(* Let $k\ge 4$ be an integer, let $m$ be an integer with $$m\ge \min\left\{\left\lceil \frac{(k+2)(k-3)}{2k}\right\rceil,\ \left\lceil \sqrt{2k+\tfrac14}-\tfrac32\right\rceil\right\}-1,$$ and let $D\ge m2^{k-1}$ be a positive integer divisible by $4$. Then there exists a binary self-orthogonal $[N,k,D]$ Griesmer code, where $N=\sum_{i=0}^{k-1}\lceil D/2^i\rceil$.
   Context: A binary code is self-orthogonal if $C\subseteq C^\perp$. A binary $[N,k,D]$ code is a Griesmer code if $N=\sum_{i=0}^{k-1}\lceil D/2^i\rceil$. *)

From HB Require Import structures.
From mathcomp Require Import all_boot all_order all_algebra.
From mathcomp Require Import reals.
Set Implicit Arguments. Unset Strict Implicit. Unset Printing Implicit Defensive.
Import Order.TTheory GRing.Theory Num.Theory.
Local Open Scope ring_scope.

(* A binary linear code of length N is represented by a square matrix C whose
   row space (mxalgebra) is the code; codewords are the v with (v <= C)%MS. *)

Definition hwt N (v : 'rV['F_2]_N) : nat := #|[set i : 'I_N | v 0 i != 0]|.

Definition is_binary_code N k D (C : 'M['F_2]_N) : Prop :=
  \rank C = k /\
  (exists2 v : 'rV['F_2]_N, (v <= C)%MS & (v != 0) && (hwt v == D)%N) /\
  (forall v : 'rV['F_2]_N, (v <= C)%MS -> v != 0 -> (D <= hwt v)%N).

Definition dotF2 N (u v : 'rV['F_2]_N) : 'F_2 := \sum_(i < N) u 0 i * v 0 i.

Definition in_dual N (C : 'M['F_2]_N) (u : 'rV['F_2]_N) : Prop :=
  forall v : 'rV['F_2]_N, (v <= C)%MS -> dotF2 u v = 0.

Definition self_orthogonal N (C : 'M['F_2]_N) : Prop :=
  forall u : 'rV['F_2]_N, (u <= C)%MS -> in_dual C u.

Definition ceil_div (a b : nat) : nat := ((a + b - 1) %/ b)%N.

Definition griesmer_length (k D : nat) : nat := \sum_(i < k) ceil_div D (2 ^ i)%N.

(* Write D = s 2^(k-1) - d with 0 <= d < 2^(k-1).  As 4 divides D, it divides d, so the
   binary digits j of d lie in [2, k-2].  Take s copies of every nonzero column of F_2^k
   (s copies of the simplex code) and remove, for each binary digit j of d, the nonzero
   vectors of a (j+1)-dimensional subspace U_j, namely the multiples of an irreducible
   polynomial G_j of degree k-1-j among the polynomials of degree < k.  Distinct G_j are
   coprime, so a nonzero vector lies in more than s of the U_j only if the degrees k-1-j
   of more than s of them add up to at least k, which the hypothesis on m excludes; hence
   the removal is possible.  The length is then s (2^k - 1) - sum_j (2^(j+1) - 1), the
   Griesmer length, and the message x has weight s 2^(k-1) - sum 2^j over the U_j not
   orthogonal to x.  So every weight is at least D and divisible by 4 (as j >= 2), the
   message e_(k-1) has weight exactly D, and a doubly-even binary code is
   self-orthogonal. *)

From HB Require Import structures.
From mathcomp Require Import all_boot all_order all_algebra.
From mathcomp Require Import reals.
From mathcomp Require Import fingroup cyclic finalg vector falgebra fieldext finfield.
From mathcomp Require Import zify lra.
Import Order.TTheory GRing.Theory Num.Theory.
Set Implicit Arguments. Unset Strict Implicit. Unset Printing Implicit Defensive.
__________________________________________________
EXERCISE BRIEF
The expected response is the full set of records, reproduced exactly.

RESPONSE TO THE EXERCISE
(* Let $k\ge 4$ be an integer, let $m$ be an integer with $$m\ge \min\left\{\left\lceil \frac{(k+2)(k-3)}{2k}\right\rceil,\ \left\lceil \sqrt{2k+\tfrac14}-\tfrac32\right\rceil\right\}-1,$$ and let $D\ge m2^{k-1}$ be a positive integer divisible by $4$. Then there exists a binary self-orthogonal $[N,k,D]$ Griesmer code, where $N=\sum_{i=0}^{k-1}\lceil D/2^i\rceil$.
   Context: A binary code is self-orthogonal if $C\subseteq C^\perp$. A binary $[N,k,D]$ code is a Griesmer code if $N=\sum_{i=0}^{k-1}\lceil D/2^i\rceil$. *)

From HB Require Import structures.
From mathcomp Require Import all_boot all_order all_algebra.
From mathcomp Require Import reals.
Set Implicit Arguments. Unset Strict Implicit. Unset Printing Implicit Defensive.
Import Order.TTheory GRing.Theory Num.Theory.
Local Open Scope ring_scope.

(* A binary linear code of length N is represented by a square matrix C whose
   row space (mxalgebra) is the code; codewords are the v with (v <= C)%MS. *)

Definition hwt N (v : 'rV['F_2]_N) : nat := #|[set i : 'I_N | v 0 i != 0]|.

Definition is_binary_code N k D (C : 'M['F_2]_N) : Prop :=
  \rank C = k /\
  (exists2 v : 'rV['F_2]_N, (v <= C)%MS & (v != 0) && (hwt v == D)%N) /\
  (forall v : 'rV['F_2]_N, (v <= C)%MS -> v != 0 -> (D <= hwt v)%N).

Definition dotF2 N (u v : 'rV['F_2]_N) : 'F_2 := \sum_(i < N) u 0 i * v 0 i.

Definition in_dual N (C : 'M['F_2]_N) (u : 'rV['F_2]_N) : Prop :=
  forall v : 'rV['F_2]_N, (v <= C)%MS -> dotF2 u v = 0.

Definition self_orthogonal N (C : 'M['F_2]_N) : Prop :=
  forall u : 'rV['F_2]_N, (u <= C)%MS -> in_dual C u.

Definition ceil_div (a b : nat) : nat := ((a + b - 1) %/ b)%N.

Definition griesmer_length (k D : nat) : nat := \sum_(i < k) ceil_div D (2 ^ i)%N.

(* Write D = s 2^(k-1) - d with 0 <= d < 2^(k-1).  As 4 divides D, it divides d, so the
   binary digits j of d lie in [2, k-2].  Take s copies of every nonzero column of F_2^k
   (s copies of the simplex code) and remove, for each binary digit j of d, the nonzero
   vectors of a (j+1)-dimensional subspace U_j, namely the multiples of an irreducible
   polynomial G_j of degree k-1-j among the polynomials of degree < k.  Distinct G_j are
   coprime, so a nonzero vector lies in more than s of the U_j only if the degrees k-1-j
   of more than s of them add up to at least k, which the hypothesis on m excludes; hence
   the removal is possible.  The length is then s (2^k - 1) - sum_j (2^(j+1) - 1), the
   Griesmer length, and the message x has weight s 2^(k-1) - sum 2^j over the U_j not
   orthogonal to x.  So every weight is at least D and divisible by 4 (as j >= 2), the
   message e_(k-1) has weight exactly D, and a doubly-even binary code is
   self-orthogonal. *)

From HB Require Import structures.
From mathcomp Require Import all_boot all_order all_algebra.
From mathcomp Require Import reals.
From mathcomp Require Import fingroup cyclic finalg vector falgebra fieldext finfield.
From mathcomp Require Import zify lra.
Import Order.TTheory GRing.Theory Num.Theory.
Set Implicit Arguments. Unset Strict Implicit. Unset Printing Implicit Defensive.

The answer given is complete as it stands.